What did I get? Written by Elmore Leonard and directed by John Sturges, Joe Kidd testifies to the undying effectiveness of storytelling skill. There’s nothing fancy about the movie, but the narrative tug kicks in from the get-go. It’s not especially serious, as I had thought — something about the poster suggested a slower burn — but it is quite good. It isn’t much different from Eastwood’s earlier Two Mules for Sister Sara and John Wayne’s Big Jake, but maybe a bit more rewardingly focused.
Joe Kidd is about the righteous rebellion of Mexican Luis Chama (John Saxon) to secure his people’s rightful lands and the disproportionately ruthless response from landowner Frank Harlan and his posse of mercenaries. At first Kidd allies with Harlan, but the gang’s inescapable barbarousness pulls him to Chama’s side. As in Sister Sara, Eastwood expresses his usual code of honor and thoroughgoing identification with the underdog.
Notice how efficiently Sturges and Leonard get the action going — within five minutes we’ve been apprised about Kidd’s basic situation and code — he’s serving out a short prison term for a hunting violation and his insouciant disrespect for the legal system — and Chama has stormed the courthouse and staked his claim to re-take the wrongfully appropriated farmlands. Shortly thereafter, Harlan enters town with a trio of scruffy and overdressed sharpshooters, and no time is wasted in establishing Harlan’s bone-deep brutality as well as Kidd’s distaste for the whole operation. (Fresh from The Godfather, Duvall plays the imperious Harlan to contemptible perfection.) The stakes are crystal-clear, the rest of the movie an enjoyable playing-out of the inevitable confrontations. At no point is any political or thematic point overplayed; properly, the story is king.

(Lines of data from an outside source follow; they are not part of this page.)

Definition refine (a : R) (A : R -> Prop) (s : simple) : simple :=
  flat_map (fun p => (fst p + a, fun x => snd p x /\ A x)
                       :: (fst p, fun x => snd p x /\ ~ A x) :: nil) s.

Lemma refine_cover a A s x : simple_cover (refine a A s) x = simple_cover s x.
Proof.
  induction s as [|p s IH]; simpl; auto; rewrite IH, indicator_and, indicator_and_not; ring.
Qed.

Lemma refine_eval a A s x :
  simple_eval (refine a A s) x = simple_eval s x + a * indicator A x * simple_cover s x.
Proof.
  induction s as [|p s IH]; simpl; [ring|]; rewrite IH, indicator_and, indicator_and_not; ring.
Qed.

Lemma refine_borel a A s : borel A -> simple_borel s -> simple_borel (refine a A s).
Proof.
  intro HA; induction s as [|p s IH]; simpl; [intros _ q []|].
  intros Hb; apply simple_borel_cons in Hb; destruct Hb as [Hp Hs].
  intros q [<-|[<-|Hq]]; simpl.
  - apply borel_and; auto.
  - apply borel_and; [|apply borel_compl]; auto.
  - apply IH; auto.
Qed.

Definition empty_piece : R * (R -> Prop) := (0, fun _ => False).

Lemma partition_nth_disjoint s : (forall x, simple_cover s x <= 1) ->
  forall i j x, i <> j -> snd (nth i s empty_piece) x -> snd (nth j s empty_piece) x -> False.
Proof.
  assert (Hin : forall k s x, snd (nth k s empty_piece) x -> In (nth k s empty_piece) s).
  { intros k s' x Hx; destruct (nth_in_or_default k s' empty_piece) as [|E]; auto.
    rewrite E in Hx; destruct Hx. }
  induction s as [|q s IH]; intros Hc i j x Hij Hi Hj.
  - destruct i, j; simpl in *; auto.
  - destruct (simple_cover_cons_le1 q s x (Hc x)) as [_ Hq].
    destruct i as [|i], j as [|j]; simpl in Hi, Hj.
    + lia.
    + pose proof (simple_cover_ge1 s _ x (Hin j s x Hj) Hj); specialize (Hq Hi); lra.
    + pose proof (simple_cover_ge1 s _ x (Hin i s x Hi) Hi); specialize (Hq Hj); lra.
    + apply (IH (fun y => proj1 (simple_cover_cons_le1 q s y (Hc y))) i j x); auto.
Qed.

Fixpoint simple_mass (mu : (R -> Prop) -> R) (s : simple) : R :=
  match s with nil => 0 | p :: s' => fst p * mu (snd p) + simple_mass mu s' end.

Fixpoint mass_within (mu : (R -> Prop) -> R) (A : R -> Prop) (s : simple) : R :=
  match s with nil => 0 | p :: s' => mu (fun x => snd p x /\ A x) + mass_within mu A s' end.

Leaving the ambiguous Last Picture Show out of it, Joe Kidd is the sixth western I’ve seen during the Boffo project, and it’s the first to draw me in quite so thoroughly, and I’m grateful for the occasion to understand just what it is people like so much about westerns. Leonard has been so widely praised that he’s in danger of being pretty wildly overrated, but it’s hard to dispute the premise that there are few better at telling a story. Sturges’ most notable credits lay in his past, with such standouts as Bad Day at Black Rock, The Great Escape, and The Magnificent Seven. The studio system was in deep crisis in the early 1970s, but Joe Kidd might have been a little-heeded reminder of its efficacy of its methods.
What here smacks of 1972? Much like Sister Sara, the political emphasis on the wronged Mexicans seems salient.
IMDB score: 6.3
My score: 7
Director: John Sturges
Writer: Elmore Leonard
Starring: Clint Eastwood, Robert Duvall, John Saxon, Don Stroud, Stella Garcia, James Wainwright, Paul Koslo, Gregory Walcott, Dick Van Patten, Lynne Marta, John Carter, Pepe Hern, Joaquín Martínez, Ron Soble, Pepe Callahan
IMDB synopsis: Joe Kidd is a former bounty hunter and all-around tough-guy in the American Southwest. When a band of Mexicans find their U. S. land claims denied and all relevant records destroyed in a courthouse fire, they turn to force of arms. Louis Chama is their charismatic leader, spouting revolutionary rhetoric and demanding land reform. A wealthy landowner with interests in the disputed area, Frank Harlan, decides to settle things his own way. He hires a band of killers and wants Joe Kidd to help them track Chama. Initially, Kidd wants to avoid any involvement, until Chama makes the mistake of stealing Kidd’s horses and terrorizing his friends.